== Activity ==
Give back exactly the lines of the entries below from the line with "forall (v : V)" to the line with "fun E A => A = E.", inclusive, and only those.
=== Extracted data ===
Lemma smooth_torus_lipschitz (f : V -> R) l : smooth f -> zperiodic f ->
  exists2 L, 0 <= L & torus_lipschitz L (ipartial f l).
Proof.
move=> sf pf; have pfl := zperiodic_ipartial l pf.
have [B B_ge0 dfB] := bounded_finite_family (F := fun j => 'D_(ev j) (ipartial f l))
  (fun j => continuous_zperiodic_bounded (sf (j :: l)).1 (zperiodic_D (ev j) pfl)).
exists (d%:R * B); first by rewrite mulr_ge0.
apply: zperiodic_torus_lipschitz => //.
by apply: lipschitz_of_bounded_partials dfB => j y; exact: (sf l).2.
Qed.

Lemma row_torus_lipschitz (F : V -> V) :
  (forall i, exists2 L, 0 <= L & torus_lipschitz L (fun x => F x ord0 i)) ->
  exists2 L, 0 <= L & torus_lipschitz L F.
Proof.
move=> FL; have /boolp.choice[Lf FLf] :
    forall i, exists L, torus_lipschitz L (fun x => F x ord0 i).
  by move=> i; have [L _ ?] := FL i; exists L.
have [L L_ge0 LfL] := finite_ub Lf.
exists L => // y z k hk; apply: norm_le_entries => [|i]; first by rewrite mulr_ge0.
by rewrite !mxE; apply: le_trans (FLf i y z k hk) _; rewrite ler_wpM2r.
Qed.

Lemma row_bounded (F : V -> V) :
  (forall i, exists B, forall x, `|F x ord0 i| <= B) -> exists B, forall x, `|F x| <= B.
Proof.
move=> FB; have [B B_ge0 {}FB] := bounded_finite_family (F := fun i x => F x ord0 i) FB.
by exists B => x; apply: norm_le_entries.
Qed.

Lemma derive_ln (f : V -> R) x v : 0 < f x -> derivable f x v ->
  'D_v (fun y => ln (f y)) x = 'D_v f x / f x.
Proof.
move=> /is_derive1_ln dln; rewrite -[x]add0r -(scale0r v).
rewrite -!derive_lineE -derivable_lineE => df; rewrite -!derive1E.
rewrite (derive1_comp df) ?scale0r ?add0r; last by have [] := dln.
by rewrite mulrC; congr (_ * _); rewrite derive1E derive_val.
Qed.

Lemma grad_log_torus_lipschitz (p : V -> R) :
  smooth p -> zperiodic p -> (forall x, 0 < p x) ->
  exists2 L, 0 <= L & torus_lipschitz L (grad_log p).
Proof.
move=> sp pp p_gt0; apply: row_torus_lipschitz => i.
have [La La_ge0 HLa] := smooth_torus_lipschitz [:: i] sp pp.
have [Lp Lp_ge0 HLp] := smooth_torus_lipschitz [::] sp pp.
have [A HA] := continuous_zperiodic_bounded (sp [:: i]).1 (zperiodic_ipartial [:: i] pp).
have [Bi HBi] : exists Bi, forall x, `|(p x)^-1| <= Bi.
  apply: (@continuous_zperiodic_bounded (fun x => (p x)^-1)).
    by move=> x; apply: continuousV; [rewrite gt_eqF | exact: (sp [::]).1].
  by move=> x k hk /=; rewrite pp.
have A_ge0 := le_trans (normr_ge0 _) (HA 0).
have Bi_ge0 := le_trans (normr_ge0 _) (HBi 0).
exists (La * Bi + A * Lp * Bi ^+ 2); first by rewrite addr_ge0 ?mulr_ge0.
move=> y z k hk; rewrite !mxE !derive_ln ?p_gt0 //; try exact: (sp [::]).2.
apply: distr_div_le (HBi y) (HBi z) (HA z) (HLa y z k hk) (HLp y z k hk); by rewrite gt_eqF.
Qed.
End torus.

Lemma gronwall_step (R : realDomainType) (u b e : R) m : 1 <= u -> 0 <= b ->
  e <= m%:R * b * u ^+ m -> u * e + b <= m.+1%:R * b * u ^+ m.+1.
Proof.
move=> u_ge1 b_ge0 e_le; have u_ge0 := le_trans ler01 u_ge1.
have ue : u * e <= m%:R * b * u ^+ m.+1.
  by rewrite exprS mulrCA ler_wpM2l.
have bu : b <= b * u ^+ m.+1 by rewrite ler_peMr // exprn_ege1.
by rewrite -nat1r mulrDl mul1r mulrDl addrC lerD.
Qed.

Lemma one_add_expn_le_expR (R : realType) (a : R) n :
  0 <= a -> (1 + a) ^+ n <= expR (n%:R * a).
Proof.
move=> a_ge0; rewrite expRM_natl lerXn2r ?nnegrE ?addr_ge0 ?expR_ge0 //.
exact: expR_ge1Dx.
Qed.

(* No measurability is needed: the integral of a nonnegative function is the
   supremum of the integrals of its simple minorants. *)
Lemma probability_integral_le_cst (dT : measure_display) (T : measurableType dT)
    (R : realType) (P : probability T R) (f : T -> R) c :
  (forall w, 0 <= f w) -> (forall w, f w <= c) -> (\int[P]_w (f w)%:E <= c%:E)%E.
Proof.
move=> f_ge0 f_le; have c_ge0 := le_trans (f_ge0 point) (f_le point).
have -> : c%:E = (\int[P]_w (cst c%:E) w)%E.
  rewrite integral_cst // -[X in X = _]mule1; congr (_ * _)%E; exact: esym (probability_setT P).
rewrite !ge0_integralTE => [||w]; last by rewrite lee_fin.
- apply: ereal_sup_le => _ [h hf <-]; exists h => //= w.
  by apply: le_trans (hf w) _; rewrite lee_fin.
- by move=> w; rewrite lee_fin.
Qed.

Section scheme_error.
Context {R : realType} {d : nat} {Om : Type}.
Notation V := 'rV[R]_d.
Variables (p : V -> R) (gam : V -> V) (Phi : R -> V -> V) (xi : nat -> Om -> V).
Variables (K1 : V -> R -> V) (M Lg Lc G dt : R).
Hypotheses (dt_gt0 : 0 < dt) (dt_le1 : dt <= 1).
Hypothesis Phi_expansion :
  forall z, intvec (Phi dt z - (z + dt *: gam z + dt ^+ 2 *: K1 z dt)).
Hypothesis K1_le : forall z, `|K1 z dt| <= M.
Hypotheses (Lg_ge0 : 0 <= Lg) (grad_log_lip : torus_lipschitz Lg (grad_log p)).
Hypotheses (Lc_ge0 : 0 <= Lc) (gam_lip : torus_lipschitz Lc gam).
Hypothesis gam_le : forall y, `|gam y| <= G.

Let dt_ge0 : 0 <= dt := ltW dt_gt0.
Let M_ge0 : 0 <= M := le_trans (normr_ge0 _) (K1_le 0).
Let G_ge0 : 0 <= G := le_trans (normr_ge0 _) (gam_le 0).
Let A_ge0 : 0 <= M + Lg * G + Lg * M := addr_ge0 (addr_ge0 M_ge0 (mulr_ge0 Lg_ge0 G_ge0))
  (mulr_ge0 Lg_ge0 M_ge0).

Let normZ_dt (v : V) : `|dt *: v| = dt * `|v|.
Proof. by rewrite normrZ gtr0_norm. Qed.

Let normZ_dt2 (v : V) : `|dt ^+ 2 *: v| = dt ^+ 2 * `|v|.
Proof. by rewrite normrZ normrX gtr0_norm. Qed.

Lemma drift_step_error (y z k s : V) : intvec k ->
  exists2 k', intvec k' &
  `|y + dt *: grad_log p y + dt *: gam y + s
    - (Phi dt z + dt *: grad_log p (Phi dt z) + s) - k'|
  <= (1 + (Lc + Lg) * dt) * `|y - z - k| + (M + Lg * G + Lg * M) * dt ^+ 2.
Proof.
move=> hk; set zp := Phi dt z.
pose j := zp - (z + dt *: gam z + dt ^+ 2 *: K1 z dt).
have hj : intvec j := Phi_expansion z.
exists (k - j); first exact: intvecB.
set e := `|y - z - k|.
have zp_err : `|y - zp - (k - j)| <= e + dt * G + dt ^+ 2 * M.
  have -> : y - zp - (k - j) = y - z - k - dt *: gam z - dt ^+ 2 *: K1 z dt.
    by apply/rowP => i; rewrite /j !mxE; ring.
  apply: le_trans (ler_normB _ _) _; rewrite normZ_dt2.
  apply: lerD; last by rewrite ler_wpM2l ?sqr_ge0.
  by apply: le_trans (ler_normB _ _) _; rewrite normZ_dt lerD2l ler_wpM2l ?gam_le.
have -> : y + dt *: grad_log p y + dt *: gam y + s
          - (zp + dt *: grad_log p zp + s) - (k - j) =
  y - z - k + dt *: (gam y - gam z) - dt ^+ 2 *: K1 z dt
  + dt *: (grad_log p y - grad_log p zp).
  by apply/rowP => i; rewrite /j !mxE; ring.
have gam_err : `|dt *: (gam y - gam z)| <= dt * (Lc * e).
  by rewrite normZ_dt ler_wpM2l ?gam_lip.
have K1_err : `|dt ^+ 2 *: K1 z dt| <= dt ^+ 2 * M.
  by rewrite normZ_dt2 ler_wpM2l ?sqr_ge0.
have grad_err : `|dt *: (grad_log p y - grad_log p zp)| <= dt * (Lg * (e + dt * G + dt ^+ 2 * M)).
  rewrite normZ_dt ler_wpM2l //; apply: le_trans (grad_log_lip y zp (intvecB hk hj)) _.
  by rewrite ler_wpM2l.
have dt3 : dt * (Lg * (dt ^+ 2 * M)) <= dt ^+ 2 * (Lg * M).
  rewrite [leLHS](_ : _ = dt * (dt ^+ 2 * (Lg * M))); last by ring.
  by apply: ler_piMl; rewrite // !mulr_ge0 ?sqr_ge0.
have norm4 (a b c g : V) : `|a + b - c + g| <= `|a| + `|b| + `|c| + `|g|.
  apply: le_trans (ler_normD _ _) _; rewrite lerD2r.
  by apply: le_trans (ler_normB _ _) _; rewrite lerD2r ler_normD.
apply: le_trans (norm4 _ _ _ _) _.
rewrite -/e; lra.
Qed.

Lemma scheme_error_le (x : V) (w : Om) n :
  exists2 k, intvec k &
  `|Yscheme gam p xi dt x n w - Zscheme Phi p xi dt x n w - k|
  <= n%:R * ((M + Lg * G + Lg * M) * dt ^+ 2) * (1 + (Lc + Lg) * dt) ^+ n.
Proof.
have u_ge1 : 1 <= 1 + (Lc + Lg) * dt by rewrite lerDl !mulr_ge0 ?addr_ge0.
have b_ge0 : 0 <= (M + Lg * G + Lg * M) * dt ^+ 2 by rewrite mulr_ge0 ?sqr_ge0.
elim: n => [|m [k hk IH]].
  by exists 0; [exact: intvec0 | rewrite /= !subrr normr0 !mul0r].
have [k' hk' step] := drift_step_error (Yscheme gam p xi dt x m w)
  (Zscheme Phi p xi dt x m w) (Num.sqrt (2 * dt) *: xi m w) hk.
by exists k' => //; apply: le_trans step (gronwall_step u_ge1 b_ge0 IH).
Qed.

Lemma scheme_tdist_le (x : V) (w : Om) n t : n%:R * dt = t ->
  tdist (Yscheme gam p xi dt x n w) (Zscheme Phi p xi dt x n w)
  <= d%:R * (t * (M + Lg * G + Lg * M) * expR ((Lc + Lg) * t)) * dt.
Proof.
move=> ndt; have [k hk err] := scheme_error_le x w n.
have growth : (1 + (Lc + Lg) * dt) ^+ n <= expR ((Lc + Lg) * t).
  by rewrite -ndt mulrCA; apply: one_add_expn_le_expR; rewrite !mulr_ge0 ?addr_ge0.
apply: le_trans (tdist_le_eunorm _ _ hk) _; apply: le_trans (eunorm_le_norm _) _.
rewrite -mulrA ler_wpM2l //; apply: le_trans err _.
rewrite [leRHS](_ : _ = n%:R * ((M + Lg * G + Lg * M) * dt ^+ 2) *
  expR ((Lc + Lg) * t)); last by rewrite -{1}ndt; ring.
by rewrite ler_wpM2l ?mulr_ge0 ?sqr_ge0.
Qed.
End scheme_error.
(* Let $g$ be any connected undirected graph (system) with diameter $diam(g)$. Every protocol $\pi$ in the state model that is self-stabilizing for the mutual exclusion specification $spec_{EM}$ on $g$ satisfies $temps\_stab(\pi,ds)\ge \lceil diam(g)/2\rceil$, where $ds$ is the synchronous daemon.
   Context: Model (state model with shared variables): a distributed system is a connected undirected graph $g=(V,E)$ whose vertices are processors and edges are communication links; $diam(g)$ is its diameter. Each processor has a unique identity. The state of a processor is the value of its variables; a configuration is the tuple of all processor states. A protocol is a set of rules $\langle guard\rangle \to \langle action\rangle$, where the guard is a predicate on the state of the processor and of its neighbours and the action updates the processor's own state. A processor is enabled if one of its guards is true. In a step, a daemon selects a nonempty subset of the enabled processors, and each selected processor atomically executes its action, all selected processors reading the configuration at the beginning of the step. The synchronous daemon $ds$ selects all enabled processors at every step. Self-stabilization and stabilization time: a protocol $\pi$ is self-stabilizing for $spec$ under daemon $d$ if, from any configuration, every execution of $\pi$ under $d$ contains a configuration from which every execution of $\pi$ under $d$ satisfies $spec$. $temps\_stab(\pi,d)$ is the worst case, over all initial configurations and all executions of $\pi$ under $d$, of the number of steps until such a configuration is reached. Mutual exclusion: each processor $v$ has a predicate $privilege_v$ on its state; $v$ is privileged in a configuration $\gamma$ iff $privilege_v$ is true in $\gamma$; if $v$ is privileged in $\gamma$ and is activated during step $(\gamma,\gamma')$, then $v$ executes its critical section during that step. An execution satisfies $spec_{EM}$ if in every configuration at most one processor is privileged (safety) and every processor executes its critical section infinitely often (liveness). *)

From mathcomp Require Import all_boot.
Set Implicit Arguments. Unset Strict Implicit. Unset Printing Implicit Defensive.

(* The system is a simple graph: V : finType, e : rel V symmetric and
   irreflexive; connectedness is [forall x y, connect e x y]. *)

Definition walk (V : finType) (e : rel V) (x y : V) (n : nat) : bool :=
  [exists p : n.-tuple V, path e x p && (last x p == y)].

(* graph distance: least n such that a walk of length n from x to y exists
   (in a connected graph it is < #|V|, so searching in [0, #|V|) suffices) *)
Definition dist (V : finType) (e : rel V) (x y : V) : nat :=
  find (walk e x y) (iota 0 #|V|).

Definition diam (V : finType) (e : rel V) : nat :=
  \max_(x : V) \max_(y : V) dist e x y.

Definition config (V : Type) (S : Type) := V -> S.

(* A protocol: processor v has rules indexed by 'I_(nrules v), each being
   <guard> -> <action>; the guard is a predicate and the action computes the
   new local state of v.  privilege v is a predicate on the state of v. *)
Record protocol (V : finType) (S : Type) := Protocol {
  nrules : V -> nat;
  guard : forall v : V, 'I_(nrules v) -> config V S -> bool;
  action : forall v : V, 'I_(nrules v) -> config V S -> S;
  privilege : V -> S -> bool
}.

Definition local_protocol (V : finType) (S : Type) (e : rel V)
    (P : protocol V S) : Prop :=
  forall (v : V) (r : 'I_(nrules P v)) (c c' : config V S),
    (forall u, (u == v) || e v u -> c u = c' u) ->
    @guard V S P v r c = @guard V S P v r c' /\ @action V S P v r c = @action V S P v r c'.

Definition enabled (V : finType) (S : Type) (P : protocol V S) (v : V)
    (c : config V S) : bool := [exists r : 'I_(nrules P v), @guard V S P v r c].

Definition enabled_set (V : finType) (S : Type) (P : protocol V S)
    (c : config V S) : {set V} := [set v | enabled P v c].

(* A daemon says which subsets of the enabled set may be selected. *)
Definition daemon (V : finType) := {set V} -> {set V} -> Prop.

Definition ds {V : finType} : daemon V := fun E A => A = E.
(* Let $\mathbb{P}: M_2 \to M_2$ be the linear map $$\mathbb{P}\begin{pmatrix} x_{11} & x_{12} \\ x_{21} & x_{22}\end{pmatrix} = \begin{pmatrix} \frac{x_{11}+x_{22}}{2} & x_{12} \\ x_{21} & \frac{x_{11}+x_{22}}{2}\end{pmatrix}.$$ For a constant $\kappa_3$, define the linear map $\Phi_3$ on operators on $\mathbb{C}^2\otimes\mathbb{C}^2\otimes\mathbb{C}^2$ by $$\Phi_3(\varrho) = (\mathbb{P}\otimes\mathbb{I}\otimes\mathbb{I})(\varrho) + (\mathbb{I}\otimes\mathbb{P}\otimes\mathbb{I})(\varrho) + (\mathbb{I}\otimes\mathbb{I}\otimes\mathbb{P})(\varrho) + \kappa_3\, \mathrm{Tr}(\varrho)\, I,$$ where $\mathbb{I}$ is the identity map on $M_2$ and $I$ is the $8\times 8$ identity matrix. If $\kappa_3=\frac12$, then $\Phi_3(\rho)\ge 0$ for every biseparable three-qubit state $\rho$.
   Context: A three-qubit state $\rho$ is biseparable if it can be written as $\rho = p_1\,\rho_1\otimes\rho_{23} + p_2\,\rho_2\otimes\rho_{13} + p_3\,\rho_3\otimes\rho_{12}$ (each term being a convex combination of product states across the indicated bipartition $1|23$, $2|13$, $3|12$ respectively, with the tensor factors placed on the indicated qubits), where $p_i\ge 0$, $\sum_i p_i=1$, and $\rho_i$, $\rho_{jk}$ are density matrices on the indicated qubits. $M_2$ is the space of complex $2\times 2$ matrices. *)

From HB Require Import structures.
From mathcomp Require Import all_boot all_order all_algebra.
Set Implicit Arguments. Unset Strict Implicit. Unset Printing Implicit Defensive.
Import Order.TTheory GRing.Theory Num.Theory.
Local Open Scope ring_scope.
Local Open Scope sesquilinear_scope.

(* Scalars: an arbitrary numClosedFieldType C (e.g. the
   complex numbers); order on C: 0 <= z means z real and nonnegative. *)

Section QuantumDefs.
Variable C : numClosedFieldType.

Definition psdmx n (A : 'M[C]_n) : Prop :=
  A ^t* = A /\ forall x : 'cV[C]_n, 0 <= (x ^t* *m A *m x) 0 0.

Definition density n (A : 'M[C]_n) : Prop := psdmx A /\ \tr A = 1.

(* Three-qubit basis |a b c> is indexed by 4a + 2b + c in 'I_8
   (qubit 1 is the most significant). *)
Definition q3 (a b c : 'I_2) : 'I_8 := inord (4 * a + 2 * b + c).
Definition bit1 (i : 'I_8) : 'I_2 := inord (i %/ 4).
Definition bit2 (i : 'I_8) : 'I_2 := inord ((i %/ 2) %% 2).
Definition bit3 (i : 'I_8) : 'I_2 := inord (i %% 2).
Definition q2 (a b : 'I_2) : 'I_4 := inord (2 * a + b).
===
== Answer ==
  forall (v : V) (r : 'I_(nrules P v)) (c c' : config V S),
    (forall u, (u == v) || e v u -> c u = c' u) ->
    @guard V S P v r c = @guard V S P v r c' /\ @action V S P v r c = @action V S P v r c'.

Definition enabled (V : finType) (S : Type) (P : protocol V S) (v : V)
    (c : config V S) : bool := [exists r : 'I_(nrules P v), @guard V S P v r c].

Definition enabled_set (V : finType) (S : Type) (P : protocol V S)
    (c : config V S) : {set V} := [set v | enabled P v c].

(* A daemon says which subsets of the enabled set may be selected. *)
Definition daemon (V : finType) := {set V} -> {set V} -> Prop.

Definition ds {V : finType} : daemon V := fun E A => A = E.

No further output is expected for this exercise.